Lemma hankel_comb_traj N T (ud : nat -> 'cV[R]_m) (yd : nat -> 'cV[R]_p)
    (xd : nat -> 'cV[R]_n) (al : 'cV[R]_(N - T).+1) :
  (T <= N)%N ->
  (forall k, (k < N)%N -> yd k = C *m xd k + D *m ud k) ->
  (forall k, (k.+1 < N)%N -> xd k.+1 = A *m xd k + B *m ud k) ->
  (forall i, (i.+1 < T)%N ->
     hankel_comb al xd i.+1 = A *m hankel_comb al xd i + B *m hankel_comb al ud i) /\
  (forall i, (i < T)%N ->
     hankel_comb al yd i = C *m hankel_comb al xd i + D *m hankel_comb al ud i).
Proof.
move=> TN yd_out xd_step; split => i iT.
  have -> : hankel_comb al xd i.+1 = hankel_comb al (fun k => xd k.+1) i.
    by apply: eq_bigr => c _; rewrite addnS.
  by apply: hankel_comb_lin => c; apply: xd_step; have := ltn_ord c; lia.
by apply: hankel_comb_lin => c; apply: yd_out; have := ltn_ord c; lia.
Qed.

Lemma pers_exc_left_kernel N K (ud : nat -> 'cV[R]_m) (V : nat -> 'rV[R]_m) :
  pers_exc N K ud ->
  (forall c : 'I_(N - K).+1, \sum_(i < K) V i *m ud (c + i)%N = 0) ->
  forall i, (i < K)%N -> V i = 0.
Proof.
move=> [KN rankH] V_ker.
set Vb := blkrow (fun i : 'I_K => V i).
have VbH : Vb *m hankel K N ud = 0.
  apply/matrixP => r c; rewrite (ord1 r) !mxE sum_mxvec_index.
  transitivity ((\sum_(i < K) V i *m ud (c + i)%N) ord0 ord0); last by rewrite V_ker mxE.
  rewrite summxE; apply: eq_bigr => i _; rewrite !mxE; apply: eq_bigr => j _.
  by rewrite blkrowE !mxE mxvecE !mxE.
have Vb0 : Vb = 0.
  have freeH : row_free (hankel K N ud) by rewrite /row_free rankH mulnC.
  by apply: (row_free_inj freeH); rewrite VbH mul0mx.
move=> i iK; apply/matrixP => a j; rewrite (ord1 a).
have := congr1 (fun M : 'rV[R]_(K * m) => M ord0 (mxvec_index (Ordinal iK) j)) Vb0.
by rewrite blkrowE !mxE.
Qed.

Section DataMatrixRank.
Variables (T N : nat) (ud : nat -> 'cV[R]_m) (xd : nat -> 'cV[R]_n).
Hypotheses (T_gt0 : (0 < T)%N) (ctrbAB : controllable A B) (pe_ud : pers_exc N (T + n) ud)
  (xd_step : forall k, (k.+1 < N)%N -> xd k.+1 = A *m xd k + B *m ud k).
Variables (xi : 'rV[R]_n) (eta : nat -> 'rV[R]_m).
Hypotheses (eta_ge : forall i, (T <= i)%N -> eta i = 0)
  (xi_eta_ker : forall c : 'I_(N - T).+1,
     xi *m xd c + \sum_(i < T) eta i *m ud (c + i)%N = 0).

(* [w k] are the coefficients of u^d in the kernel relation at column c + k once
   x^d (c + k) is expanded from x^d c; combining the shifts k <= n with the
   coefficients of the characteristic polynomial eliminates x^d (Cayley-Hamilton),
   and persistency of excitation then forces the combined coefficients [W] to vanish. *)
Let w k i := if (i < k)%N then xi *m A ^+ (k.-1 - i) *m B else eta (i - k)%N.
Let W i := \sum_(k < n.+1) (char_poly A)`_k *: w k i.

--

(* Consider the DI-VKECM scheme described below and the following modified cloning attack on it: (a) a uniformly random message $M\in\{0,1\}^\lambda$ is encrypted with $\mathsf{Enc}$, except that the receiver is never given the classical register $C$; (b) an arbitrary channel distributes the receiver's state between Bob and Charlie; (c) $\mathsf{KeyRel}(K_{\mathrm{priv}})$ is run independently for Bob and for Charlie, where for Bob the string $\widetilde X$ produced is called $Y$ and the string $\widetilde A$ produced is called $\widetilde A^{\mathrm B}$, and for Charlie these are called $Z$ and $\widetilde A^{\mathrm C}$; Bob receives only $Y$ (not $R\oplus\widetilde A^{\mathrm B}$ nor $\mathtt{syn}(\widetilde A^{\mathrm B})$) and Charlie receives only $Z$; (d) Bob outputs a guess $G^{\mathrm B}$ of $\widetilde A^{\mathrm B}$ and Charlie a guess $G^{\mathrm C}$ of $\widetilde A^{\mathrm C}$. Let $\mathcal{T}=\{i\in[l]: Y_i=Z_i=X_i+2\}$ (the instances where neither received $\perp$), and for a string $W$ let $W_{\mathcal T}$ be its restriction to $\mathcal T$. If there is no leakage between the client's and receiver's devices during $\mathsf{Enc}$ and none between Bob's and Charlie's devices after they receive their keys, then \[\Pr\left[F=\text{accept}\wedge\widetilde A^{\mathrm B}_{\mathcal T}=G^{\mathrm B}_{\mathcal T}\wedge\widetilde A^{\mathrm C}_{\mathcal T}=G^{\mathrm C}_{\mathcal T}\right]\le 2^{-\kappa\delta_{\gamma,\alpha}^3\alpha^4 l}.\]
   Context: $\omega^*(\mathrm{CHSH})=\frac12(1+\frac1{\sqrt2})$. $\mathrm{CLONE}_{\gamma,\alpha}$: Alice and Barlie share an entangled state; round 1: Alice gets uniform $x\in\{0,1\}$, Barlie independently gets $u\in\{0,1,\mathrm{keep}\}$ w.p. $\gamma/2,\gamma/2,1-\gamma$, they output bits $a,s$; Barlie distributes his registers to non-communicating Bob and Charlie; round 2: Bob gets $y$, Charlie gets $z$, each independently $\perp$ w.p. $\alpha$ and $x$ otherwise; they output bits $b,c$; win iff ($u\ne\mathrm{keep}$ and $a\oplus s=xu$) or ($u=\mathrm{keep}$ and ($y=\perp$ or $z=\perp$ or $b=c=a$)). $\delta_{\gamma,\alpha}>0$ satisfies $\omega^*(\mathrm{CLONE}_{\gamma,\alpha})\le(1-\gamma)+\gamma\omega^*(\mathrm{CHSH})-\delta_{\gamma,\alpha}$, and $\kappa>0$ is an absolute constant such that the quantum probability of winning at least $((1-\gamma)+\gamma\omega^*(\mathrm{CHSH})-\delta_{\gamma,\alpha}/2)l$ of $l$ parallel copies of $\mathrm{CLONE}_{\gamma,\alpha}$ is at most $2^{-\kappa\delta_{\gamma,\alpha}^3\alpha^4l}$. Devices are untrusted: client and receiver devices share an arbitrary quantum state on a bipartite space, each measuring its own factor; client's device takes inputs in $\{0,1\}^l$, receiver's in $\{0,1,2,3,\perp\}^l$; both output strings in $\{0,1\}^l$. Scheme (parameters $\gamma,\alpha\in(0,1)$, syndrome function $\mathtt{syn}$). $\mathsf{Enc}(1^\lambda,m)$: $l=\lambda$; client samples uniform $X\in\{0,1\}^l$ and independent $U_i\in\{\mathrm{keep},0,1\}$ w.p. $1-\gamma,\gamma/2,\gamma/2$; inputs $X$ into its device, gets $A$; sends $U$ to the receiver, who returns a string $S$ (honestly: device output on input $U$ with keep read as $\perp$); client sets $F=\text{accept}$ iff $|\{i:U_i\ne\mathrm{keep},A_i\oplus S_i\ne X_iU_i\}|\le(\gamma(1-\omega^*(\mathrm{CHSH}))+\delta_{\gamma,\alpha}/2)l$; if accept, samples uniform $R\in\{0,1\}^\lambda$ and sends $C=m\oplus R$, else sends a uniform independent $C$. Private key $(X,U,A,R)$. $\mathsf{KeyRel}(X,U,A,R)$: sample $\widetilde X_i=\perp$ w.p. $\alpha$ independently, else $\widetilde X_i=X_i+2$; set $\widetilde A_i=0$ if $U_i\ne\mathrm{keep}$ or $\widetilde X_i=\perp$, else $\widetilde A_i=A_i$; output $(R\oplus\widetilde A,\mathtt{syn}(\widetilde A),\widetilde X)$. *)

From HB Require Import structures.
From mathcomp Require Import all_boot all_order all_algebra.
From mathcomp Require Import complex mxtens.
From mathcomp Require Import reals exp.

...

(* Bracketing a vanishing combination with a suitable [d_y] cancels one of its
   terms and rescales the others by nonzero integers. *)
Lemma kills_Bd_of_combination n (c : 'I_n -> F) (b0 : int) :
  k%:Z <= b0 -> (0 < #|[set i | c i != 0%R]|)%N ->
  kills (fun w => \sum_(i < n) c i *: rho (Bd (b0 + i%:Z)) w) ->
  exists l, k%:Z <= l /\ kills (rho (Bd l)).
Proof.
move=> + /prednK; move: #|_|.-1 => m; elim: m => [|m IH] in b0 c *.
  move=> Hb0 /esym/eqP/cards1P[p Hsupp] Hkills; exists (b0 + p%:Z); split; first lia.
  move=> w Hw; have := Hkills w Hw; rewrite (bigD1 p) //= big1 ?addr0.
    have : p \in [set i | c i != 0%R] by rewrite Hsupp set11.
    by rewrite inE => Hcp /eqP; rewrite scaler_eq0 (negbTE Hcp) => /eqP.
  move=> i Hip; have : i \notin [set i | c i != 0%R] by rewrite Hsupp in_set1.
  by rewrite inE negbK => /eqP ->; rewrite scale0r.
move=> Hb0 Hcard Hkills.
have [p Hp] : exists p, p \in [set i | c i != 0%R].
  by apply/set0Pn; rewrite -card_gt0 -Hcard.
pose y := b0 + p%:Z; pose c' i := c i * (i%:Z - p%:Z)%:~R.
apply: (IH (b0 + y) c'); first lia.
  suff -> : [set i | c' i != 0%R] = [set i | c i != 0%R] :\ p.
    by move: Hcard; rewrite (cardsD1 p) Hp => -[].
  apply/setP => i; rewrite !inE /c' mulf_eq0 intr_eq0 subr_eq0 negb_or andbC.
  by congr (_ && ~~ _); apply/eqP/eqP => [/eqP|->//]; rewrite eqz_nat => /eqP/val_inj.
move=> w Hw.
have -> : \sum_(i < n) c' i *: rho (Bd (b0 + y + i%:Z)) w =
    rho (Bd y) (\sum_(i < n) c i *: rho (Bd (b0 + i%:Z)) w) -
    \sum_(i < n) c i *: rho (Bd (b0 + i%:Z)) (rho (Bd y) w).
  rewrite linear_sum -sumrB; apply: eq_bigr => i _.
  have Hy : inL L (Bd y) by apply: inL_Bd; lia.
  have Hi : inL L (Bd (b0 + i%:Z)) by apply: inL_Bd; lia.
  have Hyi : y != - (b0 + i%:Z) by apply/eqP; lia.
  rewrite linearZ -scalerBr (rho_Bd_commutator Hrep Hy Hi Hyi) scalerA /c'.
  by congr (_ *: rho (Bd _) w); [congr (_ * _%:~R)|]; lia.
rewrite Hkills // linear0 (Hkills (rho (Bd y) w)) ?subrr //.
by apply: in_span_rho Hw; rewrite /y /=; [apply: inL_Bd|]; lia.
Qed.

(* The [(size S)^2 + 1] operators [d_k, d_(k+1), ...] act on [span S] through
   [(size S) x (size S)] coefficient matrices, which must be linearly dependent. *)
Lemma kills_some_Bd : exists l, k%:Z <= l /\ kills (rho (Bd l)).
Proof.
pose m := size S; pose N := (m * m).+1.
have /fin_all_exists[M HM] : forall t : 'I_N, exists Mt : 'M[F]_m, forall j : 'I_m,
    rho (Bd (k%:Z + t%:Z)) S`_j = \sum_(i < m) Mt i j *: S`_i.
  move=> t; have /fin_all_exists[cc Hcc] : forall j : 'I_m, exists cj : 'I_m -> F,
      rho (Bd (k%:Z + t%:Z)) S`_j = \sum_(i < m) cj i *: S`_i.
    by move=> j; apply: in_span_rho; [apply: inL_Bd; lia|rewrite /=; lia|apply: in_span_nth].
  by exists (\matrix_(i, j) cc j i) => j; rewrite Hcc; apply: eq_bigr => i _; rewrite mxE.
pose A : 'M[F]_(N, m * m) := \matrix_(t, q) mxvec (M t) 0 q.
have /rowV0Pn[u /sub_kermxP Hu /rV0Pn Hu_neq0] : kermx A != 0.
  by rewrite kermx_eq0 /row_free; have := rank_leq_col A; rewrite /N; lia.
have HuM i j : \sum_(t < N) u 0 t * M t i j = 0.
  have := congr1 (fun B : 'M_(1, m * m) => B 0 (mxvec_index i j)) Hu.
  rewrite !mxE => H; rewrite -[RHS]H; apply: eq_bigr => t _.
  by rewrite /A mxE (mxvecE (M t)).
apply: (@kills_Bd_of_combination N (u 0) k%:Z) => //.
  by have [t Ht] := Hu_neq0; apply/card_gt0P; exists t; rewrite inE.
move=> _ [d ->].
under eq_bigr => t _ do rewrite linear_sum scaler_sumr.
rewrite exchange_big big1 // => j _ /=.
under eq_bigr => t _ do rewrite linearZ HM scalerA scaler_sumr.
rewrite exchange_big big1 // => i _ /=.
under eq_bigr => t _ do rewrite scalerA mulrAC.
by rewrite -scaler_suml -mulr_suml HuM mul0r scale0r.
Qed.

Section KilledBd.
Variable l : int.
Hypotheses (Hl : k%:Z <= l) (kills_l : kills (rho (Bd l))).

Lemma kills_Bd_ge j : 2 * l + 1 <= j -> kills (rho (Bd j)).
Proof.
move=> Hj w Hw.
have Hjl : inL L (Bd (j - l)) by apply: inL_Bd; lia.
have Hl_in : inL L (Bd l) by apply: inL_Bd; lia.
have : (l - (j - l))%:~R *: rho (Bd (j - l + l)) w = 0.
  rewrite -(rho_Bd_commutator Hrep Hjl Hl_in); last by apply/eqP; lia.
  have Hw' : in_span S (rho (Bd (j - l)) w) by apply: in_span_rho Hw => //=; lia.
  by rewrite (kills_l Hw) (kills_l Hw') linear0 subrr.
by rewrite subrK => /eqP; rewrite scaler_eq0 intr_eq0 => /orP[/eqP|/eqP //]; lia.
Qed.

- **Exercise details**: Exact duplication is required for the lines above, from the line that contains "by apply: hankel_comb_lin => c; apply: yd_out;" to the line that contains "Hypotheses (T_gt0 : (0", inclusive; omit all others.

- **Answer box**:
by apply: hankel_comb_lin => c; apply: yd_out; have := ltn_ord c; lia.
Qed.

Lemma pers_exc_left_kernel N K (ud : nat -> 'cV[R]_m) (V : nat -> 'rV[R]_m) :
  pers_exc N K ud ->
  (forall c : 'I_(N - K).+1, \sum_(i < K) V i *m ud (c + i)%N = 0) ->
  forall i, (i < K)%N -> V i = 0.
Proof.
move=> [KN rankH] V_ker.
set Vb := blkrow (fun i : 'I_K => V i).
have VbH : Vb *m hankel K N ud = 0.
  apply/matrixP => r c; rewrite (ord1 r) !mxE sum_mxvec_index.
  transitivity ((\sum_(i < K) V i *m ud (c + i)%N) ord0 ord0); last by rewrite V_ker mxE.
  rewrite summxE; apply: eq_bigr => i _; rewrite !mxE; apply: eq_bigr => j _.
  by rewrite blkrowE !mxE mxvecE !mxE.
have Vb0 : Vb = 0.
  have freeH : row_free (hankel K N ud) by rewrite /row_free rankH mulnC.
  by apply: (row_free_inj freeH); rewrite VbH mul0mx.
move=> i iK; apply/matrixP => a j; rewrite (ord1 a).
have := congr1 (fun M : 'rV[R]_(K * m) => M ord0 (mxvec_index (Ordinal iK) j)) Vb0.
by rewrite blkrowE !mxE.
Qed.

Section DataMatrixRank.
Variables (T N : nat) (ud : nat -> 'cV[R]_m) (xd : nat -> 'cV[R]_n).
Hypotheses (T_gt0 : (0 < T)%N) (ctrbAB : controllable A B) (pe_ud : pers_exc N (T + n) ud)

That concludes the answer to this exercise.